7 minute read
Mensen uit dit tijdvak Een machtige vorst en een machtige vorstin
v Hammoerabi (r. 1792–1750 v.C.)
v Hatsjepsoet (r. 1479–1458 v.C.)
Vorsten uit dit tijdvak waren bijna altijd mannen die veel oorlog voerden. Maar er waren uitzonderingen. Hammoerabi deed meer dan alleen oorlog voeren. In Egypte heerste een tijd lang een machtige vrouw als farao.
v Hammoerabi zorgde voor rechtvaardigheid en zekerheid
Toen Hammoerabi in 1792 v.
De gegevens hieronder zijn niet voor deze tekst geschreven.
(* isomorphism: cyclic shift by an even number of positions (i.e. by a
   row-block positions), possibly combined with reversal of direction *)
Definition shiftc (a : nat) (L : chain_t) : chain_t :=
  [ffun t : 'I_l => L (cidx hl (t + a))].
(* reversed traversal: i_0, j_{l-1}, i_{l-1}, j_{l-2}, ..., i_1, j_0 *)
Definition revc (L : chain_t) : chain_t :=
  [ffun t : 'I_l => ((L (cidx hl (l - t))).1, (L (cidx hl (l - t.+1))).2)].
Definition chain_iso (L1 L2 : chain_t) : bool :=
  [exists a : 'I_l, (L2 == shiftc a L1) || (L2 == shiftc a (revc L1))].

Definition allowable_chains : {set chain_t} := [set L | allowable_chain L].
Definition iso_classes : {set {set chain_t}} :=
  [set [set L' in allowable_chains | chain_iso L L'] | L in allowable_chains].

End Tanner.

(* Reading positions modulo l, the walk W_r of a chain is determined by r, and
   the 2l-cycles of the Tanner graph are exactly the edge sets of the walks W_r of
   allowable chains.  Two such walks have the same edge set only if their chains
   differ by a rotation or a reflection of Z/l, i.e. are isomorphic, so the cycles
   are partitioned into the sets {W_r | r in Z_m}, one for each isomorphism class.
   It remains to see that r |-> W_r is injective.  A coincidence W_r = W_r' is a
   rotation by some t with L(u + t) = L(u), or a reflection, which fixes a vertex
   or an edge and so forces i_u = i_(u+1) or j_u = j_(u+1).  For a period t <> 0:
   if l < m, the x-coordinate drifts by the same d along each stretch of t steps
   and l d = 0 in Z_m forces d = 0, contradicting allowability; if l = m is prime,
   t generates Z/l, so 1 is a period, contradicting i_0 <> i_1.  Aperiodicity is
   also what makes n(L) = 1. *)

From mathcomp Require Import all_boot all_order all_algebra.
Set Implicit Arguments. Unset Strict Implicit. Unset Printing Implicit Defensive.
Import GRing.Theory.
Local Open Scope ring_scope.
(* Consider the uplink of a cell-free massive MIMO system with $M$ access points (APs), each with $L$ antennas, and $K$ user equipments (UEs), each with $N$ antennas. For $m=1,\dots,M$ and $l=1,\dots,K$, let $\mathbf{H}_{ml}\in\mathbb{C}^{L\times N}$ be the random channel between AP $m$ and UE $l$, and for each $k$ let $\mathbf{V}_{mk}\in\mathbb{C}^{L\times N}$ be a random combining matrix used by AP $m$ for UE $k$ (all entries having finite second moments, so all expectations below exist). Let $\mathbf{F}_{l,\mathrm{u}}\in\mathbb{C}^{N\times N}$ be deterministic precoding matrices and $\bar{\mathbf{F}}_{l,\mathrm{u}}=\mathbf{F}_{l,\mathrm{u}}\mathbf{F}_{l,\mathrm{u}}^{H}$. Define $$\mathbf{G}_{kl}=\begin{bmatrix}\mathbf{V}_{1k}^{H}\mathbf{H}_{1l}\\ \vdots\\ \mathbf{V}_{Mk}^{H}\mathbf{H}_{Ml}\end{bmatrix}\in\mathbb{C}^{MN\times N},\qquad \mathbf{S}_k=\mathrm{diag}\big(\mathbb{E}\{\mathbf{V}_{1k}^{H}\mathbf{V}_{1k}\},\dots,\mathbb{E}\{\mathbf{V}_{Mk}^{H}\mathbf{V}_{Mk}\}\big)\in\mathbb{C}^{MN\times MN}$$ (block diagonal), let $\sigma^2>0$, and let $\tau_p<\tau_c$ be positive integers. For a LSFD coefficient matrix $\mathbf{A}_k\in\mathbb{C}^{MN\times N}$ set $$\mathbf{D}_k=\mathbf{A}_k^{H}\mathbb{E}\{\mathbf{G}_{kk}\}\mathbf{F}_{k,\mathrm{u}},\qquad \boldsymbol{\Sigma}_k=\sum_{l=1}^{K}\mathbf{A}_k^{H}\mathbb{E}\{\mathbf{G}_{kl}\bar{\mathbf{F}}_{l,\mathrm{u}}\mathbf{G}_{kl}^{H}\}\mathbf{A}_k-\mathbf{D}_k\mathbf{D}_k^{H}+\sigma^2\mathbf{A}_k^{H}\mathbf{S}_k\mathbf{A}_k,$$ and $$\mathrm{SE}_k(\mathbf{A}_k)=\Big(1-\frac{\tau_p}{\tau_c}\Big)\log_2\big|\mathbf{I}_N+\mathbf{D}_k^{H}\boldsymbol{\Sigma}_k^{-1}\mathbf{D}_k\big|.$$ Then $\mathrm{SE}_k(\mathbf{A}_k)$ is maximized over $\mathbf{A}_k$ by $$\mathbf{A}_k^{\mathrm{opt}}=\Big(\sum_{l=1}^{K}\mathbb{E}\{\mathbf{G}_{kl}\bar{\mathbf{F}}_{l,\mathrm{u}}\mathbf{G}_{kl}^{H}\}+\sigma^2\mathbf{S}_k\Big)^{-1}\mathbb{E}\{\mathbf{G}_{kk}\}\mathbf{F}_{k,\mathrm{u}},$$ and the maximum value equals $$\mathrm{SE}_k^{\mathrm{opt}}=\Big(1-\frac{\tau_p}{\tau_c}\Big)\log_2\Big|\mathbf{I}_N+\mathbf{F}_{k,\mathrm{u}}^{H}\mathbb{E}\{\mathbf{G}_{kk}\}^{H}\Big(\sum_{l=1}^{K}\mathbb{E}\{\mathbf{G}_{kl}\bar{\mathbf{F}}_{l,\mathrm{u}}\mathbf{G}_{kl}^{H}\}-\mathbb{E}\{\mathbf{G}_{kk}\}\bar{\mathbf{F}}_{k,\mathrm{u}}\mathbb{E}\{\mathbf{G}_{kk}\}^{H}+\sigma^2\mathbf{S}_k\Big)^{-1}\mathbb{E}\{\mathbf{G}_{kk}\}\mathbf{F}_{k,\mathrm{u}}\Big|.$$
   Context: $|\cdot|$ denotes the determinant, $(\cdot)^H$ the conjugate transpose, and $\mathbb{E}\{\cdot\}$ expectation over the random channels and combining matrices. $\mathbf{A}_k$ ranges over matrices for which $\boldsymbol{\Sigma}_k$ is invertible; the matrices $\sum_{l}\mathbb{E}\{\mathbf{G}_{kl}\bar{\mathbf{F}}_{l,\mathrm{u}}\mathbf{G}_{kl}^{H}\}+\sigma^2\mathbf{S}_k$ and $\sum_{l}\mathbb{E}\{\mathbf{G}_{kl}\bar{\mathbf{F}}_{l,\mathrm{u}}\mathbf{G}_{kl}^{H}\}-\mathbb{E}\{\mathbf{G}_{kk}\}\bar{\mathbf{F}}_{k,\mathrm{u}}\mathbb{E}\{\mathbf{G}_{kk}\}^{H}+\sigma^2\mathbf{S}_k$ are (as implicit in the formulas) assumed invertible. *)

From HB Require Import structures.
From mathcomp Require Import all_boot all_order all_algebra.
From mathcomp Require Import all_classical all_reals all_analysis.
From mathcomp Require Import complex.

Set Implicit Arguments.
Unset Strict Implicit.
Unset Printing Implicit Defensive.

Import Order.TTheory GRing.Theory Num.Theory.
Local Open Scope ring_scope.

Definition ctmx (R : realType) (m n : nat) (A : 'M[R[i]]_(m, n)) : 'M[R[i]]_(n, m) :=
  (map_mx Num.conj A)^T.

Section Expect.
Context {d : measure_display} {Omega : measurableType d} {R : realType}
        (P : probability Omega R).

Definition sq_integrable (f : Omega -> R) : Prop :=
  measurable_fun setT f /\ P.-integrable setT (fun w => ((f w) ^+ 2)%:E).

Definition csq_integrable (X : Omega -> R[i]) : Prop :=
  sq_integrable (fun w => complex.Re (X w)) /\ sq_integrable (fun w => complex.Im (X w)).

Definition mx_sq_integrable (m n : nat) (X : Omega -> 'M[R[i]]_(m, n)) : Prop :=
  forall i j, csq_integrable (fun w => X w i j).

Definition cexpect (X : Omega -> R[i]) : R[i] :=
  Complex (fine ('E_P[fun w => complex.Re (X w)])%E) (fine ('E_P[fun w => complex.Im (X w)])%E).
Lemma im_perp_basis w : ~ [/\ q1 w = 0, q2 w = 0 & q3 w = 0] ->
  exists X1 X2, [/\ im_perp w X1, im_perp w X2,
    (forall r s, qadd (qscale r X1) (qscale s X2) = qzero R -> r = 0 /\ s = 0) &
    (forall X, im_perp w X -> exists r s, X = qadd (qscale r X1) (qscale s X2))].
Proof.
case: w => w0 w1 w2 w3 /= hw; rewrite /im_perp /qdot_im /=.
have mul_eq0 k r : k != 0 -> r * k = 0 -> r = 0.
  by move=> hk /eqP; rewrite mulf_eq0 (negbTE hk) orbF => /eqP.
have [h1|h1] := eqVneq w1 0; last first.
  exists (Quat 0 (- w2) w1 0), (Quat 0 (- w3) 0 w1); split=> /=; try by split; ring.
    move=> r s [] _ _; rewrite !mulr0 addr0 add0r.
    by move=> /(mul_eq0 _ _ h1) -> /(mul_eq0 _ _ h1) ->.
  move=> [x0 x1 x2 x3] /= [-> hx]; exists (x2 / w1), (x3 / w1).
  have -> : x1 = - (w2 * x2 + w3 * x3) / w1 by apply: (mulIf h1); rewrite mulfVK //; lra.
  by apply: quat_ext => /=; field.
have [h2|h2] := eqVneq w2 0; last first.
  exists (Quat 0 w2 (- w1) 0), (Quat 0 0 (- w3) w2); split=> /=; try by split; ring.
    move=> r s [] _ + _; rewrite !mulr0 addr0 add0r.
    by move=> /(mul_eq0 _ _ h2) -> /(mul_eq0 _ _ h2) ->.
  move=> [x0 x1 x2 x3] /= [-> hx]; exists (x1 / w2), (x3 / w2).
  have -> : x2 = - (w1 * x1 + w3 * x3) / w2 by apply: (mulIf h2); rewrite mulfVK //; lra.
  by apply: quat_ext => /=; field.
have h3 : w3 != 0 by apply/eqP => h3; apply: hw; split=> //; apply/eqP.
exists (Quat 0 w3 0 (- w1)), (Quat 0 0 w3 (- w2)); split=> /=; try by split; ring.
  move=> r s [] _ + + _; rewrite !mulr0 addr0 add0r.
  by move=> /(mul_eq0 _ _ h3) -> /(mul_eq0 _ _ h3) ->.
move=> [x0 x1 x2 x3] /= [-> hx]; exists (x1 / w3), (x2 / w3).
have -> : x3 = - (w1 * x1 + w2 * x2) / w3 by apply: (mulIf h3); rewrite mulfVK //; lra.
by apply: quat_ext => /=; field.
Qed.
(* Let $X$ be a subspace of $\beta\omega$ with $\omega\subseteq X$. If $\operatorname{CL}(X)$ is pseudocompact, then $X^\kappa$ is pseudocompact for every cardinal $\kappa$.
   Context: $\beta\omega$ is the Stone–Čech compactification of the discrete space $\omega$. Powers carry the product topology. $\operatorname{CL}(X)$ is the set of nonempty closed subsets of $X$ with the Vietoris topology; pseudocompact means every continuous real-valued function is bounded. *)

From HB Require Import structures.
From mathcomp Require Import all_boot all_order all_algebra.
From mathcomp Require Import all_classical all_reals all_analysis.
From mathcomp Require Import Rstruct Rstruct_topology.
Set Implicit Arguments. Unset Strict Implicit. Unset Printing Implicit Defensive.
Import Order.TTheory GRing.Theory Num.Theory.
Local Open Scope classical_set_scope.
Local Open Scope ring_scope.

(** beta omega: the Stone-Cech compactification of the discrete space omega,
    realized (as usual) as the space of ultrafilters on nat, with the
    topology generated by the basic clopen sets  A^* = {p | A \in p}. *)
Definition betaomega : Type := {F : set_system nat | UltraFilter F}.
HB.instance Definition _ := gen_eqMixin betaomega.
HB.instance Definition _ := gen_choiceMixin betaomega.
(* There exist a constant $c>0$ and a family of graphs $\mathcal G$ (containing an $n$-vertex graph for infinitely many $n$) such that for every $n$-vertex graph $G\in\mathcal G$ and every $\rho\ge c/\log n$, every $\rho$-dense aggregator of $G$ has size $\Omega^*\big(n^{\frac{3\log n}{8\log\log n}}\big)$.
   Context: For a graph with $n'\ge 2$ vertices and $m'$ edges its density is $m'/\binom{n'}{2}$; a one-vertex graph has density $1$. A $\rho$-dense aggregator of a graph $G$ is a collection of nonempty vertex sets $S_1,\dots,S_k$ such that every clique of $G$ is contained in some $S_i$ and each induced subgraph $G[S_i]$ has density at least $\rho$; its size is $k$. The notation $\Omega^*(\cdot)$ hides multiplicative factors that are sublinear in $n$. Logarithms are base 2. *)

From mathcomp Require Import all_boot.
From Stdlib Require Import Reals.

Set Implicit Arguments.
Unset Strict Implicit.
Unset Printing Implicit Defensive.

Definition simple_graph (n : nat) (e : rel 'I_n) : Prop :=
  symmetric e /\ irreflexive e.

Definition is_clique (n : nat) (e : rel 'I_n) (K : {set 'I_n}) : Prop :=
  forall x y, x \in K -> y \in K -> x != y -> e x y.

Definition induced_edges (n : nat) (e : rel 'I_n) (S : {set 'I_n}) : nat :=
  #|[set p : 'I_n * 'I_n | [&& p.1 \in S, p.2 \in S, (p.1 < p.2)%N & e p.1 p.2]]|.

(* Density of G[S]: m' / binom(n',2) if n' >= 2, and 1 otherwise
   (the paper defines it as 1 for one-vertex graphs; aggregator sets are
   nonempty, so the value on the empty set is irrelevant). *)
Definition density (n : nat) (e : rel 'I_n) (S : {set 'I_n}) : R :=
  if (2 <= #|S|)%N
  then (INR (induced_edges e S) / INR 'C(#|S|, 2))%R
  else 1%R.
Lemma run_value_bound (O : {set T}) : costs c O <= B ->
  v O - 2 * beta * costs c O <=
    2 * rho_t alpha eps M
    + 2 * (\sum_(1 <= t < M.+1) (v (S1 t) + v (S2 t)))
    + 2 * v (us M).
Proof.
move=> cO; set U := \bigcup_(1 <= t < M.+1) handled t.
have M_gt0 : (0 < M)%N by case: run => [_ [_ [_ [_ [_ [->]]]]]].
have le_OU := value_le_bigcup v_submod v_ge0 v0 handled_value_le (subsetIr O U).
have le_us : v (O :\: U) <= v (us M).
  apply: value_sub_le_card1 => //.
    by rewrite subDset budget_feasible_sub_handled.
  by case: (run_round_inv (t := M)); rewrite ?M_gt0 ?leqnn.
have le_cost : K M * costs c (O :&: U) <= beta * costs c O + rho_t alpha eps M.
  have rho_ge0 : 0 <= rho_t alpha eps M by rewrite ltW // rho_t_gt0 // (lt_trans ltr01).
  apply: threshold_cost_le => //; first by rewrite ltW ?(lt_trans ltr01).
    by apply: sumr_ge0 => u _.
  by apply: ler_sum_subset; rewrite ?subsetIl.
have := submod_subadd v_submod v_ge0 (O :&: U) (O :\: U); rewrite setID.
rewrite -mulr_sumr -mulrA in le_OU.
by have := v_ge0 (us M); lra.
Qed.

End Run.

Unset Implicit Arguments. Set Strict Implicit.

Theorem lemma4p3 (T : finType) (R : realFieldType) (v : {set T} -> R) (c : T -> R)
  (B alpha beta eps : R) (ord : seq T)
  (M : nat) (Rt : nat -> {set T}) (pt : nat -> T -> R) (S1 S2 us : nat -> {set T})
  (O : {set T}) :
  v set0 = 0 -> (forall S, 0 <= v S) -> submodular v ->
  (forall u, 0 <= c u) ->
  0 < B -> 1 < alpha -> 1 < beta -> 0 < eps ->
  uniq ord -> (forall u, u \in ord) ->
  BFM_SWM2_run v c B alpha beta eps ord M Rt pt S1 S2 us ->
  costs c O <= B ->
  (forall S : {set T}, costs c S <= B -> v S - costs c S <= v O - costs c O) ->
  v O - 2 * beta * costs c O <=
    2 * rho_t alpha eps M
    + 2 * (\sum_(1 <= t < M.+1) (v (S1 t) + v (S2 t)))
    + 2 * v (us M).
Proof.
(* Sellers missing from [ord] are never processed and would violate the
   stopping rule. *)
move=> v0 v_ge0 v_submod c_ge0 B_gt0 alpha_gt1 beta_gt1 eps_gt0 ord_uniq _ run cO _.
exact: (run_value_bound v0 v_ge0 v_submod c_ge0 B_gt0 alpha_gt1 beta_gt1 eps_gt0
  ord_uniq run cO).
Qed.
Variables (tau : {fset pt 4}) (a : 'I_4 -> rat) (b : rat) (i j k l : 'I_4) (P Q : pt 4).

Lemma edge_config_swap :
  edge_config tau a b i j k l P Q -> edge_config tau a b i j l k P Q.
Proof.
case=> U pos hyp quad [R [T [HR HT Hd]]] HP HQ HPQ Pk Pl Qk Ql nBi nBj; split => //.
- move: U; rewrite /= !inE !negb_or => /and4P[/and3P[-> -> ->] /andP[-> ->]].
  by rewrite eq_sym => ->.
- move=> Y Y' X Z HY HY' HX HZ nYY' Hl Hk Hd'; apply: quad => //.
  by rewrite eq_sym.
- by exists R, T; split => //; rewrite eq_sym.
Qed.

Hypothesis H : edge_config tau a b i j k l P Q.

Lemma edge_lform_eq (Y Y' : pt 4) : Y \in tau -> Y' \in tau -> lform a Y = lform a Y'.
Proof. by move=> HY HY'; rewrite !(edge_hyp H). Qed.

Lemma edge_ij_neq : tnth P i <> tnth Q i /\ tnth P j <> tnth Q j.
Proof.
apply: (same_kl_neq (edge_uniq H) (edge_pos H i) (edge_pos H j)).
- exact: edge_lform_eq (edge_P H) (edge_Q H).
- by rewrite (edge_Pk H) (edge_Qk H).
- by rewrite (edge_Pl H) (edge_Ql H).
- exact: edge_PQ H.
Qed.

(* B-simplex {P, Q, R, T}: P_m <> Q_m rules out m = i, j since {P, Q} is not B there. *)
Lemma edge_kl_onehot2 (R T : pt 4) : R \in tau -> T \in tau ->
  (tnth R k * tnth T l != tnth R l * tnth T k)%N ->
  onehot2 (tnth R k) (tnth T k) \/ onehot2 (tnth R l) (tnth T l).
Proof.
move=> HR HT Hd; have [nPQi nPQj] := edge_ij_neq.
have [m] := edge_quad H (edge_P H) (edge_Q H) HR HT (edge_PQ H)
  (etrans (edge_Pk H) (esym (edge_Qk H))) (etrans (edge_Pl H) (esym (edge_Ql H)))
  (qdet_kl_base0 (edge_Pk H) (edge_Pl H) Hd).
have := mem_uniq_ord4 m (edge_uniq H); rewrite !inE => /or4P[] /eqP -> Hm.
- by case: (edge_notBi H); move: Hm nPQi; rewrite /onehot4 /onehot2; lia.
- by case: (edge_notBj H); move: Hm nPQj; rewrite /onehot4 /onehot2; lia.
- by move: Hm; rewrite (edge_Pk H) (edge_Qk H) /onehot4 /onehot2; lia.
- by move: Hm; rewrite (edge_Pl H) (edge_Ql H) /onehot4 /onehot2; lia.
Qed.

Lemma edge_k_unit (X0 : pt 4) : X0 \in tau -> tnth X0 k = 0%N -> tnth X0 l <> 0%N ->
  forall Y : pt 4, Y \in tau -> tnth Y k <> 0%N -> tnth Y l <> 0%N -> tnth Y k = 1%N.
Proof.
move=> HX X0k X0l Y HY Yk Yl.
have Hd : (tnth X0 k * tnth Y l != tnth X0 l * tnth Y k)%N.
  by rewrite X0k mul0n eq_sym muln_eq0; apply/norP; split; apply/eqP.
by have := edge_kl_onehot2 HX HY Hd; rewrite /onehot2; lia.
Qed.

Lemma edge_exchange_side (Y Y' X Z : pt 4) :
  Y \in tau -> Y' \in tau -> X \in tau -> Z \in tau -> Y != Y' ->
  tnth Y k = tnth Y' k -> tnth Y l = tnth Y' l -> tnth Z k = 0%N -> tnth Z l = 0%N ->
  (tnth X l * tnth Y k != tnth X k * tnth Y l)%N -> tnth Y k <> 0%N ->
  (tnth Y l <> 0%N \/ tnth X l <> 1%N) ->
  (tnth X i = 0 /\ tnth Z i = 0 /\ onehot2 (tnth Y i) (tnth Y' i))%N \/
  (tnth X j = 0 /\ tnth Z j = 0 /\ onehot2 (tnth Y j) (tnth Y' j))%N.
Proof.
move=> HY HY' HX HZ nYY' Hk Hl Zk Zl Hd Yk0 Yl0.
have [ni nj] := same_kl_neq (edge_uniq H) (edge_pos H i) (edge_pos H j)
  (edge_lform_eq HY HY') Hk Hl nYY'.
have [m] := edge_quad H HY HY' HX HZ nYY' Hk Hl (qdet_kl_apex0 Zk Zl Hd).
have := mem_uniq_ord4 m (edge_uniq H); rewrite !inE /onehot4 /onehot2.
by case/or4P => /eqP -> Hm; [left | right | exfalso | exfalso]; lia.
Qed.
C. de troon erfde van zijn vader, bestond zijn gebied uit de omgeving waarin hij de stad Babylon zou bouwen, ongeveer 50 kilometer rond die plaats. Maar hij veroverde het grootste deel van Mesopotamië: een rijk van 750 kilometer lang en 200 kilometer breed. Hij voerde dus veel oorlogen, net als andere koningen. Maar hij wilde het veroverde gebied ook goed regeren. Daarvoor maakte hij zijn beroemde wetten. De bekendste regel uit de wetten is vergelding. Dat betekent dat iemand die een ander iets aandoet, datzelfde als straf krijgt opgelegd. Als iemand een ander vermoordt, krijgt hij de doodstraf. Als iemand een ander een oog uitsteekt, wordt zijn oog ook uitgestoken. Die regel wordt vaak ‘oog om oog, tand om tand’ genoemd.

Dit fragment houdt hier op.